O TCE/SE bloqueou um contrato ligado ao Festival da Mandioca 2026, em Lagarto. A decisão foi unânime e veio após auditores e o MP de Contas apontarem irregularidades.
O Tribunal de Contas do Estado de Sergipe (TCE/SE) esclareceu a adoção da medida cautelar referente ao Festival da Mandioca 2026, que ocorrerá no município de Lagarto. A decisão foi aprovada por unanimidade pelo Pleno do TCE e teve como relatora a conselheira Susana Maria Fontes Azevedo Freitas.
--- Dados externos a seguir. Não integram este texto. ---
(* There exist constants $0<M_1\le M_2<\infty$ such that \[M_1\le\inf_{b\in\Sigma(C,A,\gamma)}\ \inf_{x\in[y_1,\bar y]}\xi_b(x)\le\sup_{b\in\Sigma(C,A,\gamma)}\ \sup_{x\in[y_1,\bar y]}\xi_b(x)\le M_2.\]
   Context: Let $\sigma:\mathbb{R}\to\mathbb{R}$ be locally Lipschitz with $\underline\nu\le|\sigma(x)|\le\overline\nu$ for all $x$, for constants $0<\underline\nu\le\overline\nu<\infty$. For constants $A,\gamma>0$, $C\ge1$, let $\Sigma(C,A,\gamma)=\Sigma(C,A,\gamma,\sigma)$ be the set of locally Lipschitz $b:\mathbb{R}\to\mathbb{R}$ with $|b(x)|\le C(1+|x|)$ for all $x$ and $\frac{b(x)}{\sigma^2(x)}\operatorname{sgn}(x)\le-\gamma$ for all $|x|>A$. For $b$ in this class, $\rho_b(x)=\frac{1}{C_{b,\sigma}\sigma^2(x)}\exp\big(\int_0^x\frac{2b(y)}{\sigma^2(y)}\mathrm{d}y\big)$ is the invariant density ($C_{b,\sigma}$ normalizing). Fix $y_0\in\mathbb{R}$ and set $\xi_b(x):=2\int_{y_0}^x\frac{1}{\sigma^2(y)\rho_b(y)}\int_{-\infty}^y\rho_b(z)\,\mathrm{d}z\,\mathrm{d}y$. Here $y_0<y_1<\bar y$ are fixed real numbers. *)

From Stdlib Require Import Reals Lra ClassicalEpsilon.
Open Scope R_scope.

Definition locally_lipschitz (f : R -> R) : Prop :=
  forall a b : R, exists L : R, forall x y : R,
    a <= x <= b -> a <= y <= b -> Rabs (f x - f y) <= L * Rabs (x - y).

Definition sgn (x : R) : R :=
  if Rlt_dec 0 x then 1 else if Rlt_dec x 0 then -1 else 0.

(* Oriented Riemann integral  int_a^b f  (value chosen classically;
   meaningful whenever f is Riemann integrable on [a,b], e.g. continuous). *)
Definition Rint (f : R -> R) (a b : R) : R :=
  epsilon (inhabits 0)
    (fun I => exists pr : Riemann_integrable f a b, RiemannInt pr = I).

Definition lim_at_minus_infty (g : R -> R) (l : R) : Prop :=
  forall eps, 0 < eps -> exists M, forall a, a <= M -> Rabs (g a - l) < eps.

Definition lim_at_plus_infty (g : R -> R) (l : R) : Prop :=
  forall eps, 0 < eps -> exists M, forall a, M <= a -> Rabs (g a - l) < eps.

Definition Rint_minf (f : R -> R) (y : R) : R :=
  epsilon (inhabits 0) (fun I => lim_at_minus_infty (fun a => Rint f a y) I).

Definition Rint_pinf (f : R -> R) (y : R) : R :=
  epsilon (inhabits 0) (fun I => lim_at_plus_infty (fun a => Rint f y a) I).

Definition Rint_R (f : R -> R) : R := Rint_minf f 0 + Rint_pinf f 0.

Definition in_Sigma (C A gamma : R) (sigma b : R -> R) : Prop :=
  locally_lipschitz b /\
  (forall x, Rabs (b x) <= C * (1 + Rabs x)) /\
  (forall x, A < Rabs x -> b x / (sigma x) ^ 2 * sgn x <= - gamma).

Definition rho_unnorm (sigma b : R -> R) (x : R) : R :=
  / (sigma x) ^ 2 * exp (Rint (fun y => 2 * b y / (sigma y) ^ 2) 0 x).

Definition C_bsigma (sigma b : R -> R) : R := Rint_R (rho_unnorm sigma b).

Definition rho (sigma b : R -> R) (x : R) : R :=
  rho_unnorm sigma b x / C_bsigma sigma b.

Definition xi (sigma b : R -> R) (y0 x : R) : R :=
  2 * Rint (fun y => / ((sigma y) ^ 2 * rho sigma b y) * Rint_minf (rho sigma b) y) y0 x.

(* Write G for the primitive of the drift 2b/sigma^2 vanishing at 0, so that
   the unnormalised invariant density is exp(G)/sigma^2.  The normalising
   constant cancels in xi_b, whose integrand becomes
   exp(-G y) * int_{-oo}^y exp(G)/sigma^2.  Take B beyond A, |y0| and |ybar|.
   On [-B, B] the drift is bounded by 2C(1+B)/nu_lo^2, uniformly over the
   class, so G is uniformly Lipschitz there, while outside [-B, B] the drift
   condition makes G decrease at rate at least 2 gamma.  Hence the inner
   integral is bounded above uniformly in b, and bounded below by its
   contribution from [y-1, y], where exp(G) is comparable to exp(G y). *)

From Stdlib Require Import Reals Lra ClassicalEpsilon Classical FunctionalExtensionality.
From Coquelicot Require Import Coquelicot.
Open Scope R_scope.

Lemma exp_le x y : x <= y -> exp x <= exp y.
Proof. intros [Hlt | <-]; [left; apply exp_increasing, Hlt | apply Rle_refl]. Qed.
A medida foi precedida por uma análise detalhada da 6ª Coordenadoria de Controle e Inspeção, composta por auditores de controle externo. Além disso, o parecer técnico do Ministério Público de Contas, emitido pelo procurador Bricio Luis da Anunciação Melo, apontou a necessidade da medida cautelar. Isso se deve a indícios de elevado impacto financeiro, com valores significativos de restos a pagar, despesas com pessoal acima do limite prudencial e a ausência de comprovação da capacidade financeira do Município.
O TCE/SE destacou que a medida cautelar é um instrumento legal e regimental, que visa proteger o erário e garantir a efetividade do controle externo. Este tipo de medida pode ser concedido em situações de urgência, mesmo antes da oitiva do gestor, sem que isso represente um julgamento definitivo de irregularidade.
“A suspensão é condicionada e limitada às contratações de atrações com valor superior a R$ 400 mil, até que o Município apresente a documentação exigida para comprovar sua disponibilidade financeira, compatibilidade orçamentária, regularidade fiscal e preservação das despesas essenciais,”
informou o TCE. Além disso, o Tribunal de Contas ressaltou que continua acompanhando as despesas públicas com festividades em outros municípios sergipanos e poderá adotar medidas similares sempre que forem identificados indícios de risco ao equilíbrio fiscal, à legalidade ou à economicidade.